AbCellera Biologics Inc.
- Company type: Public
- Traded as: Nasdaq: ABCL
- Industry: Biotechnology; Pharmaceutical;
- Founded: 2012; 14 years ago
- Headquarters: Vancouver, British Columbia
- Revenue: 38 million (2023)
- Net income: US $-163 million (2024)
- Number of employees: 596 (2024)
- Website: abcellera.com

= AbCellera =

Biotechnology company in Vancouver, Canada

AbCellera Biologics Inc. is a Vancouver, British Columbia-based biotechnology company that discovers and develops antibody therapeutics. The company is best known for its leading role in the Pandemic Prevention Platform, a project of DARPA's Biological Technologies Office. AbCellera utilizes a proprietary technology platform, which they claim can develop "medical countermeasures within 60 days." Its platform for single-cell screening was initially developed at the University of British Columbia.

== History ==
AbCellera was founded in 2012 by biomedical researchers Carl Hansen, Véronique Lecault, Kevin Heyries, Daniel Da Costa, Kathleen Lisaingo, and Oleh Petriv. In November 2016, the company received a 645K grant from the Bill & Melinda Gates Foundation to develop a test for tuberculosis.
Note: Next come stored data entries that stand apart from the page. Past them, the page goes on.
(* Let $n \ge 1$, $1 \le i \le n+1$ and $k \ge 0$ be integers. The number of rooted trees on the vertex set $[n+1]=\{1,\ldots,n+1\}$ whose root is $i$ and in which exactly $k$ children of the root are smaller than $i$ equals (as an identity of rational numbers) $$\binom{i-1}{k}\,\big[(k+1)(n+1)-i\big]\,n^{\,i-k-2}\,(n+1)^{\,n-i}.$$
   Context: A rooted tree on a vertex set $V$ is a tree with vertex set $V$ together with a distinguished vertex (the root); the children of the root are the vertices adjacent to it. Vertices are compared by their integer labels. Exponents may be negative, in which case the powers are interpreted as rational numbers. *)

From mathcomp Require Import all_boot all_order all_algebra.
Set Implicit Arguments. Unset Strict Implicit. Unset Printing Implicit Defensive.
Import Order.TTheory GRing.Theory Num.Theory.

(* Vertex set [N] = {1,...,N} is represented by 'I_N : the ordinal v
   stands for the label (val v).+1; label order = ordinal order. *)

Definition simple_graph N (E : {set {set 'I_N}}) : bool :=
  [forall e in E, #|e| == 2].

Definition adj N (E : {set {set 'I_N}}) : rel 'I_N :=
  fun x y => (x != y) && ([set x; y] \in E).

Definition connectedb N (E : {set {set 'I_N}}) : bool :=
  [forall x, forall y, connect (adj E) x y].

(* E contains a cycle: a closed walk through m >= 3 pairwise distinct
   vertices (any such cycle has m <= N). *)
Definition has_cycle N (E : {set {set 'I_N}}) : bool :=
  [exists m : 'I_N.+1, exists c : m.-tuple 'I_N,
     [&& 2 < m, uniq c & cycle (adj E) c]].

Definition is_tree N (E : {set {set 'I_N}}) : bool :=
  [&& simple_graph E, connectedb E & ~~ has_cycle E].

Definition small_children N (E : {set {set 'I_N}}) (r : 'I_N) : nat :=
  #|[set v | adj E r v & v < r]|.

(* A tree on 'I_N rooted at r is the same as its parent map p: p fixes r and
   every vertex flows to r under iteration of p; the children of r form the
   fibre of p over r.  More generally, parent maps on W flowing into a disjoint
   root set U (rooted forests on U :|: W with roots U) number u (u + w)^(w - 1):
   once the children S of a root x are fixed, what remains is a forest on
   W :\: S with roots U :\ x :|: S, and summing over S is an Abel-type binomial
   identity.  On n + 1 vertices, a tree whose root r has exactly k children
   below r is then a choice of those k among the r smaller labels, of t
   children among the n - r larger ones, and of a forest with these k + t
   roots, so that there are C(r, k) * sum_t C(n - r, t) (k + t) n^(n-k-t-1)
   of them; the binomial theorem and its derivative evaluate this sum. *)

From mathcomp Require Import all_boot all_order all_algebra.
From mathcomp Require Import zify ring.
Set Implicit Arguments. Unset Strict Implicit. Unset Printing Implicit Defensive.
Import Order.TTheory GRing.Theory Num.Theory.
In September 2018, a $10M series A round of funding was closed. In May 2020, a $105M series B round of funding was closed.

In January 2017, AbCellera announced that it would be collaborating with Pfizer to discover and develop antibodies against "undisclosed membrane protein targets.”

In September 2021, the company announced a multi-year agreement with Moderna to develop mRNA-based antibody treatments against multiple diseases.

In January 2022, the company received a $1.5 million grant from the Bill & Melinda Gates Foundation to identify monoclonal antibodies against respiratory syncytial virus (RSV).

== Product development ==

=== COVID-19 treatments ===
In June 2020, AbCellera announced it had begun the world's first study of a potential antibody treatment against COVID-19, with a Phase 1 trial of LY-CoV555 (Bamlanivimab), in collaboration with Eli Lilly and Company. The drug was granted an Emergency Use Authorization by the U.S. Food and Drug Administration in November 2020, and subsequently renewed in February and March 2021. The EUA was revoked in April 2021, with the FDA citing an updated conclusion that "the known and potential benefits of bamlanivimab alone no longer outweigh the known and potential risks for the product," because of significantly reduced efficacy against emerging variants of SARS-CoV-2.

A second COVID-19 antibody - Bebtelovimab - was given Emergency Use Authorization in February 2022, with the U.S. Government committing to a $720 million purchase of up to 600,000 doses. The FDA revoked the authorization in November 2022 as the drug was no longer expected to be effective against new subvariants of the virus.

=== ABCL635 ===
In May 2025, AbCellera received authorization from Health Canada to begin a Phase 1 clinical trial of ABCL635, an antibody targeting NK3R that is being developed for the treatment of moderate-to-severe vasomotor symptoms in menopausal women. The first patient was dosed in August 2025.

=== ABCL575 ===
In May 2025, AbCellera received authorization from Health Canada to begin a Phase 1 clinical trial of ABCL575, an antibody targeting OX40 ligand for the treatment of moderate-to-severe atopic dermatitis. The first patient was dosed in August 2025.

=== ABCL688 ===
In August 2025, AbCellera announced that ABCL688, an antibody targeting an undisclosed GPCR or ion channel target involved in autoimmune disease, had entered into IND-enabling studies with Phase 1 trials expected to begin in 2026.